How has the BJP fared with some others?

There are too many pieces of Vidyasagar for the BJP to gather after that shameful desecration of his statue inside a college in the city last year.

Birsa Munda, the freedom fighter revered in Bengal’s tribal pockets, was won — and, alas, lost. The Bharat Jakat Majhi Pargana Mahal let Bengal know that the statue that the Union home minister garlanded solemnly was that of an anonymous hunter. History in the BJP’s hands is seldom set in stone. Dilip Ghosh, the state BJP president, decreed that his party would henceforth consider the figurine of the anonymous adivasi to be that of Munda. The home minister, evidently, has been blessed with Kafkaesque hands.

Another departed icon slipped from the BJP’s eager hands the following month. This time, ignorant party workers, it has been reported, went to meet Jahar Ganguly, not knowing that the actor had died in 1969.

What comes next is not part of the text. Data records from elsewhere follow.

(* For every integer $N\ge16$ there is $C<\infty$ such that for every interval $I\subset[0,1]$ with $\widehat{\dot\sigma}(I)>0$, $$\widehat{\dot\sigma}(I)\,\mathsf E(I,\widehat{\dot\sigma})^2\,\mathrm P(I,\widehat\omega)^2\le C\,\widehat\omega(I).$$
   Context: $\mathrm P(I,\mu)=\int_{\mathbb R}\frac{|I|}{(|I|+\operatorname{dist}(x,I))^2}\,d\mu(x)$; for $\mu(I)>0$, $\mathsf E(I,\mu)^2=\frac12\,\frac{1}{\mu(I)^2}\int_I\int_I\frac{(x-x')^2}{|I|^2}\,d\mu(x)\,d\mu(x')$. Cantor intervals: fix an integer $N\ge16$. Set $I^0_1=[0,1]$. Each interval $I=[a,a+N^{-k}]$ of generation $k$ has two children of generation $k+1$: the left child $I_-=[a,a+N^{-k-1}]$ and the right child $I_+=[a+N^{-k}-N^{-k-1},a+N^{-k}]$. The $2^k$ intervals of generation $k$ are denoted $I^k_j$, $1\le j\le 2^k$, numbered left to right; $\mathcal D$ is the collection of all of them. $\dot z^k_j$ is the center of $I^k_j$. The Cantor set is $\mathsf E^{(N)}=\bigcap_{k}\bigcup_{j}I^k_j$. Redistributed Cantor measure: with $\eta=1/N$, $\widehat\omega$ is the unique Borel probability measure supported on $\mathsf E^{(N)}$ such that $\widehat\omega(I^1_1)=\widehat\omega(I^1_2)=\frac12$ and for every $I\in\mathcal D$ of generation $\ge1$: if $I$ is the left child of its parent then $\widehat\omega(I_-)=\frac{1+\eta}2\widehat\omega(I)$, $\widehat\omega(I_+)=\frac{1-\eta}2\widehat\omega(I)$; if $I$ is the right child of its parent then $\widehat\omega(I_-)=\frac{1-\eta}2\widehat\omega(I)$, $\widehat\omega(I_+)=\frac{1+\eta}2\widehat\omega(I)$. Weights: $\widehat s^k_j=N^{-2k}/\widehat\omega(I^k_j)$; $\widehat{\dot\sigma}=\sum_{k\ge0}\sum_{j=1}^{2^k}\widehat s^k_j\,\delta_{\dot z^k_j}$. *)

From Stdlib Require Import Reals Lra Lia.
Open Scope R_scope.

Fixpoint sumR (n : nat) (f : nat -> R) : R :=
  match n with
  | O => 0
  | S m => sumR m f + f m
  end.

(* Cantor intervals, 0-indexed: I^k_j for j < 2^k, left endpoint cl N k j,
   length N^{-k}.  Children of (k,j) are (k+1,2j) (left) and (k+1,2j+1) (right). *)
Fixpoint cl (N : nat) (k j : nat) : R :=
  match k with
  | O => 0
  | S k' => cl N k' (Nat.div2 j)
            + (if Nat.odd j then / INR N ^ k' - / INR N ^ (S k') else 0)
  end.

Definition clen (N k : nat) : R := / INR N ^ k.

Definition ccenter (N k j : nat) : R := cl N k j + clen N k / 2.

(* masses \widehat\omega(I^k_j) of the redistributed Cantor measure, eta = 1/N *)
Fixpoint omega_cyl (N : nat) (k j : nat) : R :=
  match k with
  | O => 1
  | S O => / 2
  | S ((S _) as k') =>
      omega_cyl N k' (Nat.div2 j) *
      (if Bool.eqb (Nat.odd j) (Nat.odd (Nat.div2 j))
       then (1 + / INR N) / 2 else (1 - / INR N) / 2)
  end.

Definition s_weight (N k j : nat) : R := / INR N ^ (2 * k) / omega_cyl N k j.

(* interval I with endpoints a < b; la / lb say whether a / b belong to I *)
Definition inIb (a b : R) (la lb : bool) (x : R) : bool :=
  (if la then (if Rle_dec a x then true else false)
         else (if Rlt_dec a x then true else false)) &&
  (if lb then (if Rle_dec x b then true else false)
         else (if Rlt_dec x b then true else false)).

Definition indI (a b : R) (la lb : bool) (x : R) : R :=
  if inIb a b la lb x then 1 else 0.

Definition distI (a b x : R) : R := Rmax (Rmax (a - x) (x - b)) 0.

(* partial sums (generations < K) of \widehat{\dot\sigma}(I) *)
Definition sigma_partial (N : nat) (a b : R) (la lb : bool) (K : nat) : R :=
  sumR K (fun k => sumR (2 ^ k) (fun j =>
    s_weight N k j * indI a b la lb (ccenter N k j))).

(* partial sums of  \int_I\int_I (x-x')^2 d\sigma(x) d\sigma(x') *)
Definition dbl_partial (N : nat) (a b : R) (la lb : bool) (K : nat) : R :=
  sumR K (fun k => sumR (2 ^ k) (fun j =>
  sumR K (fun k' => sumR (2 ^ k') (fun j' =>
    s_weight N k j * indI a b la lb (ccenter N k j) *
    (s_weight N k' j' * indI a b la lb (ccenter N k' j')) *
    (ccenter N k j - ccenter N k' j') ^ 2)))).

(* generation-k discrete approximation of \widehat\omega :
   \omega_k = \sum_j \widehat\omega(I^k_j) \delta_{\dot z^k_j}  (converges weakly to \widehat\omega) *)
Definition omega_approx (N : nat) (a b : R) (la lb : bool) (k : nat) : R :=
  sumR (2 ^ k) (fun j => omega_cyl N k j * indI a b la lb (ccenter N k j)).

Definition poisson_approx (N : nat) (a b : R) (k : nat) : R :=
  sumR (2 ^ k) (fun j => omega_cyl N k j *
     ((b - a) / ((b - a) + distI a b (ccenter N k j)) ^ 2)).

(* Let I^k_{j0} be the Cantor interval of least generation whose centre z lies in
   I, and u = N^{-k} / ω(I^k_{j0}).  Every other centre in I is the centre of a
   descendant of I^k_{j0}.  A centre of generation g > k carries σ-mass
   (N^{-g} / ω(I^g_j))² ω(I^g_j) <= (32/(15N))^{2(g-k)} u² ω(I^g_j), because a child
   carries at least 15/32 of its parent's mass; and the child of I^g_j facing z lies
   inside I.  Summing the geometric series, ∫_I (x - z)² dσ <= |I|² u² ω(I), hence
   ∬_{I×I} (x - x')² dσ dσ <= 4 σ(I) |I|² u² ω(I).  On the other side, a point of
   the Cantor set whose ancestry leaves that of I^k_{j0} at generation l <= k is at
   distance >= (7/16) N^{-l} from z, so
   P(I, ω) <= Σ_{l<=k} 4 N^l (32/15)^{k-l} ω(I^k_{j0}) <= 8 N^k ω(I^k_{j0}), i.e.
   u P <= 8.  Together σ(I) E(I,σ)² P(I,ω)² <= 2 (u P)² ω(I) <= 128 ω(I). *)

From Stdlib Require Import Reals Lra Lia Wf_nat Classical.
Open Scope R_scope.

Lemma sumR_ext n f g : (forall i, (i < n)%nat -> f i = g i) -> sumR n f = sumR n g.
Proof.
  induction n as [|n IH]; intros H; simpl; [reflexivity|].
  rewrite IH by (intros; apply H; lia). rewrite H by lia. reflexivity.
Qed.

Lemma sumR_le n f g : (forall i, (i < n)%nat -> f i <= g i) -> sumR n f <= sumR n g.
Proof.
  induction n as [|n IH]; intros H; simpl; [lra|].
  pose proof (IH (fun i Hi => H i ltac:(lia))). pose proof (H n ltac:(lia)). lra.
Qed.

Lemma sumR_const0 n : sumR n (fun _ => 0) = 0.
Proof. induction n as [|n IH]; simpl; [|rewrite IH]; ring. Qed.

Lemma sumR_nonneg n f : (forall i, (i < n)%nat -> 0 <= f i) -> 0 <= sumR n f.
Proof. intros H. rewrite <- (sumR_const0 n). now apply sumR_le. Qed.

Lemma sumR_eq0 n f : (forall i, (i < n)%nat -> f i = 0) -> sumR n f = 0.
Proof. intros H. rewrite <- (sumR_const0 n). now apply sumR_ext. Qed.

Lemma sumR_add n f g : sumR n (fun i => f i + g i) = sumR n f + sumR n g.
Proof. induction n as [|n IH]; simpl; [|rewrite IH]; ring. Qed.

Lemma sumR_scal n c f : sumR n (fun i => c * f i) = c * sumR n f.
Proof. induction n as [|n IH]; simpl; [|rewrite IH]; ring. Qed.

Lemma sumR_swap n m (f : nat -> nat -> R) :
  sumR n (fun i => sumR m (f i)) = sumR m (fun l => sumR n (fun i => f i l)).
Proof.
  induction n as [|n IH]; simpl.
  - symmetry. now apply sumR_eq0.
  - rewrite IH, <- sumR_add. reflexivity.
Qed.

Lemma sumR_double n f : sumR (2 * n) f = sumR n (fun i => f (2 * i)%nat + f (2 * i + 1)%nat).
Proof.
  induction n as [|n IH]; [reflexivity|].
  replace (2 * S n)%nat with (S (S (2 * n))) by lia.
  cbn [sumR]. rewrite IH. replace (S (2 * n)) with (2 * n + 1)%nat by lia. ring.
Qed.

Lemma sumR_term_le n f i : (forall i, (i < n)%nat -> 0 <= f i) -> (i < n)%nat -> f i <= sumR n f.
Proof.
  induction n as [|n IH]; intros H Hi; simpl; [lia|].
  pose proof (sumR_nonneg n f (fun l Hl => H l ltac:(lia))).
  destruct (Nat.eq_dec i n) as [->|Hne]; [lra|].
  pose proof (IH (fun l Hl => H l ltac:(lia)) ltac:(lia)). pose proof (H n ltac:(lia)). lra.
Qed.

Lemma sumR_indicator n f p :
  (p < n)%nat -> sumR n (fun i => (if Nat.eq_dec i p then 1 else 0) * f i) = f p.
Proof.
  induction n as [|n IH]; intros Hp; simpl; [lia|].
  destruct (Nat.eq_dec n p) as [->|Hne].
  - rewrite sumR_eq0; [ring|]. intros i Hi. destruct (Nat.eq_dec i p); [lia|ring].
  - rewrite IH by lia. ring.
Qed.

None should doubt the doggedness of the BJP’s chase. Cold shouldered by flesh-and-blood icons, the party may well scour Bengal’s literary firmament for the stars that it needs. But even fictive heroes may prove to be elusive for India’s ruling party. Feluda looks best holding a Charminar, not the lotus. Professor Shonku is a man of science. And science — a realm lit up by reason, rationality, facts — is the least favourite of the BJP’s subjects. There is a line of thought that says Ghanashyam Das, quintessentially Bengali in his love for food and leisure, may hold out some hope. In his 75th year of existence, Ghanada remains Bengal’s beloved chronicler of tall tales. Now the BJP, uncharitable opponents insist, knows a thing or two about spinning a yarn. Its stories, about the economy, about sabka vikas and, now, about an impregnable border, have been just that — one tall tale piled neatly upon another. But then Ghanada is certain to fail the parivar’s ideological test. An intelligent reading of his adventures would reveal that this literary hero is emblematic of harmony, effortlessly fusing such competing forces as empiricism and imagination, myth and history. Harmony as a synonym for hegemony — is that not the grammar of politics that dominates India today? — would have not got a single tale out of a sullen Ghanada’s mouth.

Of course, the BJP is responding energetically to the barb of being an outsider in Bengal. The prime minister attempted to counter such insinuations with homilies of shared associations. The Tagores, Mr Modi said in his address, had spent time in Ahmedabad, adding that Jnanadanandini Devi, the wife of Satyendranath Tagore, may have learnt to drape the sari in a particular way from Gujarat’s women. But the Trinamul Congress is in no mood to share the icons that it believes are its sole possession: a senior functionary retorted that Parsi women must be given a share for Jnanadanandini’s sartorial revolution.

These bizarre exchanges would have been mildly comical had it not been for the greater unfolding tragedy in which the TMC is complicit along with the BJP. Regional identity has been made vulnerable to political weaponization with electoral adversaries keeping the sub-national pot and its narratives on the boil. Modi has special use for Gujarati asmita. He has repeatedly invoked this template of parochial pride — in effect, an indigenous version of the identitarian sensibility — to project a sense of solidarity with a people who are made to believe in slights, real or imagined. The TMC may have simply taken a leaf out of Modi’s book, forcing the BJP to cry wolf.

The chief contenders for Bengal’s political crown are relying on two different kinds of divisive insularities — one majoritarian, the other ethno-cultural — to win an assembly election in a country that is meant to uphold — politically, philosophically and constitutionally — the notion of wholeness.

But that is not the only irony. The ingenious application of provincialism in the defence of the fraying ethos of pluralism is indicative of a larger regression that would have made Bengal’s icons shudder.